Stored entries
=-=-=-=-=
(* Suppose $u=u_1\ldots u_n$ and $v=v_1\ldots v_n$ in $\mathbb{P}^*$ are rearrangements of each other and both have increasing/decreasing factorizations. For $1\le i\le n-1$ let $s_i(u)=u_{i+1}\ldots u_n$ and $s_i(v)=v_{i+1}\ldots v_n$. Then for all $1\le i\le n-1$, $$d_i(u)+\Sigma(s_i(u))=d_i(v)+\Sigma(s_i(v)).$$
   Context: $\mathbb{P}^*$ is the set of finite words over the positive integers; $\Sigma(w)$ is the sum of the letters of $w$. A word $u=u_1\ldots u_n$ has an increasing/decreasing factorization if $u_1\le\cdots\le u_n$ or there is $k<n$ with $u_1\le\cdots\le u_k>u_{k+1}\ge\cdots\ge u_n$. For $1\le i\le n-1$, $D^{(i)}(u)=\{n-i+j:1\le j\le i,\ u_j>u_{n-i+j}\}$ and $d_i(u)=\sum_{n-i+j\in D^{(i)}(u)}(u_j-u_{n-i+j})$. A rearrangement of $u$ is a word obtained by permuting its letters. *)

From mathcomp Require Import all_boot.
Set Implicit Arguments. Unset Strict Implicit. Unset Printing Implicit Defensive.

(* Words over positive integers: seq nat with all letters > 0.
   1-based letter access: letter u j = u_j = nth 0 u (j-1). *)
Definition pword (u : seq nat) : bool := all (fun a => 0 < a) u.

Definition letter (u : seq nat) (j : nat) : nat := nth 0 u j.-1.

Definition Sigma (w : seq nat) : nat := sumn w.

Definition inc_dec_fact (u : seq nat) : Prop :=
  sorted leq u \/
  exists k, 1 <= k < size u /\ sorted leq (take k u) /\
            letter u k > letter u k.+1 /\ sorted geq (drop k u).

Definition Dset (i : nat) (u : seq nat) : seq nat :=
  [seq size u - i + j | j <- iota 1 i & letter u j > letter u (size u - i + j)].

Definition d (i : nat) (u : seq nat) : nat :=
  \sum_(p <- Dset i u) (letter u (p - (size u - i)) - letter u p).

Definition s (i : nat) (u : seq nat) : seq nat := drop i u.

From mathcomp Require Import all_boot zify.

Set Implicit Arguments.
Unset Strict Implicit.
Unset Printing Implicit Defensive.

(* Writing m = n - i and u_j = min(u_j, u_(j+m)) + (u_j - u_(j+m))^+, one gets
   d_i(u) + Sigma(s_i(u)) = Sigma(u) - sum_(1 <= j <= i) min(u_j, u_(j+m)).
   Sigma(u) only depends on the multiset of letters, and so does the sum of
   minima when u is unimodal: a smallest letter of a unimodal word sits at one
   of its ends, where it occurs in exactly one of the pairs (u_j, u_(j+m)) and
   is the minimum of that pair; removing it leaves a shorter unimodal word. *)

Definition unimodal (u : seq nat) : Prop :=
  exists k, sorted leq (take k u) /\ sorted geq (drop k u).

Definition shift_min_sum (m : nat) (u : seq nat) : nat :=
  \sum_(j < size u - m) minn (nth 0 u j) (nth 0 u (j + m)).

Lemma inc_dec_fact_unimodal u : inc_dec_fact u -> unimodal u.
Proof.
case=> [u_sorted | [k [_ [sorted_take [_ sorted_drop]]]]]; last by exists k.
by exists (size u); rewrite take_size drop_size u_sorted.
Qed.

Lemma unimodal_behead x u : unimodal (x :: u) -> unimodal u.
Proof.
case=> [[|k] [sorted_take sorted_drop]].
  by exists 0; rewrite take0 drop0; move: sorted_drop => /path_sorted.
by exists k; move: sorted_take => /path_sorted.
Qed.

Lemma unimodal_belast u x : unimodal (rcons u x) -> unimodal u.
Proof.
case=> k [sorted_take sorted_drop].
have [le_k_u | lt_u_k] := leqP k (size u).
  exists k; split; first by move: sorted_take; rewrite -cats1 takel_cat.
  move: sorted_drop; rewrite drop_rcons //.
  exact/subseq_sorted/subseq_rcons/rev_trans/leq_trans.
exists (size u); rewrite take_size drop_size; split=> //.
move: sorted_take; rewrite take_oversize ?size_rcons //.
exact/subseq_sorted/subseq_rcons/leq_trans.
Qed.

Lemma sorted_leq_all_head x s : sorted leq (x :: s) -> all (leq x) (x :: s).
Proof. by move=> /= /(order_path_min leq_trans); rewrite leqnn. Qed.

Lemma sorted_geq_all_last x s : sorted geq (x :: s) -> all (leq (last x s)) (x :: s).
Proof.
elim: s x => [|y s IHs] x /=; first by rewrite leqnn.
move=> /andP [le_y_x /IHs /= /andP [le_last_y ->]].
by rewrite le_last_y (leq_trans le_last_y le_y_x).
Qed.

Lemma unimodal_min_end u :
  unimodal u -> all (leq (head 0 u)) u \/ all (leq (last 0 u)) u.
Proof.
case=> k; rewrite -[in X in X \/ _](cat_take_drop k u) -[in X in _ \/ X](cat_take_drop k u).
case: (take k u) => [|a A]; case: (drop k u) => [|b B] [up down].
- by left.
- by right; exact: sorted_geq_all_last.
- by left; rewrite cats0; exact: sorted_leq_all_head.
move/sorted_leq_all_head: up => up; move/sorted_geq_all_last: down => down.
rewrite [head _ _]/= last_cat [last _ (b :: B)]/= !all_cat up down andbT.
have [le_a_lastB | lt_lastB_a] := leqP a (last b B); [left | right].
  by apply/allP=> z /(allP down); apply: leq_trans.
by apply/allP=> z /(allP up); apply/leq_trans/ltnW.
Qed.

Lemma shift_min_sum_small m u : size u <= m -> shift_min_sum m u = 0.
Proof. by rewrite /shift_min_sum -subn_eq0 => /eqP ->; rewrite big_ord0. Qed.

Lemma shift_min_sum_cons m x u : 0 < m -> m <= size u -> all (leq x) (x :: u) ->
  shift_min_sum m (x :: u) = x + shift_min_sum m u.
Proof.
case: m => // m _ le_m_u /andP [_ x_min].
rewrite /shift_min_sum /= subSS -subnSK // big_ord_recl /=.
by congr (_ + _); apply/minn_idPl/(allP x_min)/mem_nth.
Qed.

Lemma shift_min_sum_rcons m u x : 0 < m -> m <= size u -> all (leq x) (rcons u x) ->
  shift_min_sum m (rcons u x) = shift_min_sum m u + x.
Proof.
move=> m_gt0 le_m_u x_min.
rewrite /shift_min_sum size_rcons subSn // big_ord_recr /=.
congr (_ + _).
  apply: eq_bigr => j _; have := ltn_ord j.
  by rewrite !nth_rcons => lt_j; rewrite !ifT //; lia.
rewrite subnK // !nth_rcons ltnn eqxx ifT; last by lia.
apply/minn_idPr/(allP x_min); rewrite mem_rcons mem_behead // mem_nth //.
by rewrite ltn_subrL m_gt0 (leq_trans m_gt0 le_m_u).
Qed.

Lemma shift_min_sum_peel_min m u : 0 < m -> m < size u -> unimodal u ->
  exists x w, [/\ unimodal w, perm_eq u (x :: w), all (leq x) u
                & shift_min_sum m u = x + shift_min_sum m w].
Proof.
move=> m_gt0 lt_m_u uni_u.
case: (unimodal_min_end uni_u).
  case: u lt_m_u uni_u => // x w lt_m_w uni_u x_min.
  exists x, w; split=> //; first exact: unimodal_behead uni_u.
  by rewrite shift_min_sum_cons.
case/lastP: u lt_m_u uni_u => // w x; rewrite size_rcons last_rcons => lt_m_w uni_u x_min.
exists x, w; split=> //; first exact: unimodal_belast uni_u.
  by rewrite -cats1 perm_catC.
by rewrite shift_min_sum_rcons // addnC.
Qed.

Lemma perm_unimodal_shift_min_sum m u v : 0 < m ->
  unimodal u -> unimodal v -> perm_eq u v -> shift_min_sum m u = shift_min_sum m v.
Proof.
move=> m_gt0; elim: {u}(size u) {-2}u (erefl (size u)) v => [|n IHn] u size_u v uni_u uni_v uv.
  by rewrite !shift_min_sum_small // -?(perm_size uv) size_u.
have [le_u_m | lt_m_u] := leqP (size u) m.
  by rewrite !shift_min_sum_small // -?(perm_size uv).
have lt_m_v : m < size v by rewrite -(perm_size uv).
have [x [u' [uni_u' uu' x_min ->]]] := shift_min_sum_peel_min m_gt0 lt_m_u uni_u.
have [y [v' [uni_v' vv' y_min ->]]] := shift_min_sum_peel_min m_gt0 lt_m_v uni_v.
have eq_xy : x = y.
  apply/eqP; rewrite eqn_leq (allP x_min) ?(allP y_min) //.
    by rewrite -(perm_mem uv) (perm_mem uu') mem_head.
  by rewrite (perm_mem uv) (perm_mem vv') mem_head.
subst y; congr (_ + _).
have u'v' : perm_eq u' v'.
  by rewrite -(perm_cons x) -(permPl uu') (perm_trans uv vv').
by apply: IHn u'v' => //; move: (perm_size uu') => /=; rewrite size_u => -[].
Qed.

Lemma d_sum_subn i u :
  d i u = \sum_(j < i) (nth 0 u j - nth 0 u (j + (size u - i))).
Proof.
rewrite /d /Dset big_map big_filter big_mkcond (iotaDl 1 0) big_map.
have -> : iota 0 i = index_iota 0 i by rewrite /index_iota subn0.
rewrite big_mkord; apply: eq_bigr => j _; rewrite addKn /letter /= addnS addnC.
by case: ifP => // /negbT; rewrite -leqNgt -subn_eq0 => /eqP ->.
Qed.

Lemma d_shift_min_sum_drop i u : i <= size u ->
  d i u + shift_min_sum (size u - i) u + sumn (drop i u) = sumn u.
Proof.
move=> le_i_u; rewrite /shift_min_sum subKn // d_sum_subn -big_split /=.
under eq_bigr => j _ do rewrite minnE subnKC ?leq_subr //.
rewrite -(big_mkord xpredT (nth 0 u)) -(big_map (nth 0 u) xpredT id) /index_iota subn0.
by rewrite map_nth_iota0 // -sumnE -sumn_cat cat_take_drop.
Qed.

Lemma d_add_Sigma_s i u : i <= size u ->
  d i u + Sigma (s i u) = Sigma u - shift_min_sum (size u - i) u.
Proof. by move=> le_i_u; rewrite /Sigma /s -(d_shift_min_sum_drop le_i_u) addnAC addnK. Qed.

Theorem lemma3 (u v : seq nat) :
  pword u -> pword v -> perm_eq u v ->
  inc_dec_fact u -> inc_dec_fact v ->
  forall i, 1 <= i <= (size u).-1 ->
    d i u + Sigma (s i u) = d i v + Sigma (s i v).
Proof.
move=> _ _ uv fact_u fact_v i /andP [i_gt0 le_i_u].
have size_v : size v = size u by rewrite (perm_size uv).
have lt_i_u : i < size u by lia.
rewrite !d_add_Sigma_s ?size_v 1?ltnW // /Sigma (perm_sumn uv).
by rewrite (perm_unimodal_shift_min_sum _ (inc_dec_fact_unimodal fact_u)
             (inc_dec_fact_unimodal fact_v) uv) ?subn_gt0.
Qed.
=-=-=-=-=
Aim of the exercise »
Could you transcribe the entries above word for word, from the line with "case=> [[|k] [sorted_take sorted_drop]]." down to the line with "move/sorted_leq_all_head: up =>", keeping both?

Output for this exercise »
case=> [[|k] [sorted_take sorted_drop]].
  by exists 0; rewrite take0 drop0; move: sorted_drop => /path_sorted.
by exists k; move: sorted_take => /path_sorted.
Qed.

Lemma unimodal_belast u x : unimodal (rcons u x) -> unimodal u.
Proof.
case=> k [sorted_take sorted_drop].
have [le_k_u | lt_u_k] := leqP k (size u).
  exists k; split; first by move: sorted_take; rewrite -cats1 takel_cat.
  move: sorted_drop; rewrite drop_rcons //.
  exact/subseq_sorted/subseq_rcons/rev_trans/leq_trans.
exists (size u); rewrite take_size drop_size; split=> //.
move: sorted_take; rewrite take_oversize ?size_rcons //.
exact/subseq_sorted/subseq_rcons/leq_trans.
Qed.

Lemma sorted_leq_all_head x s : sorted leq (x :: s) -> all (leq x) (x :: s).
Proof. by move=> /= /(order_path_min leq_trans); rewrite leqnn. Qed.

Lemma sorted_geq_all_last x s : sorted geq (x :: s) -> all (leq (last x s)) (x :: s).
Proof.
elim: s x => [|y s IHs] x /=; first by rewrite leqnn.
move=> /andP [le_y_x /IHs /= /andP [le_last_y ->]].
by rewrite le_last_y (leq_trans le_last_y le_y_x).
Qed.

Lemma unimodal_min_end u :
  unimodal u -> all (leq (head 0 u)) u \/ all (leq (last 0 u)) u.
Proof.
case=> k; rewrite -[in X in X \/ _](cat_take_drop k u) -[in X in _ \/ X](cat_take_drop k u).
case: (take k u) => [|a A]; case: (drop k u) => [|b B] [up down].
- by left.
- by right; exact: sorted_geq_all_last.
- by left; rewrite cats0; exact: sorted_leq_all_head.
move/sorted_leq_all_head: up => up; move/sorted_geq_all_last: down => down.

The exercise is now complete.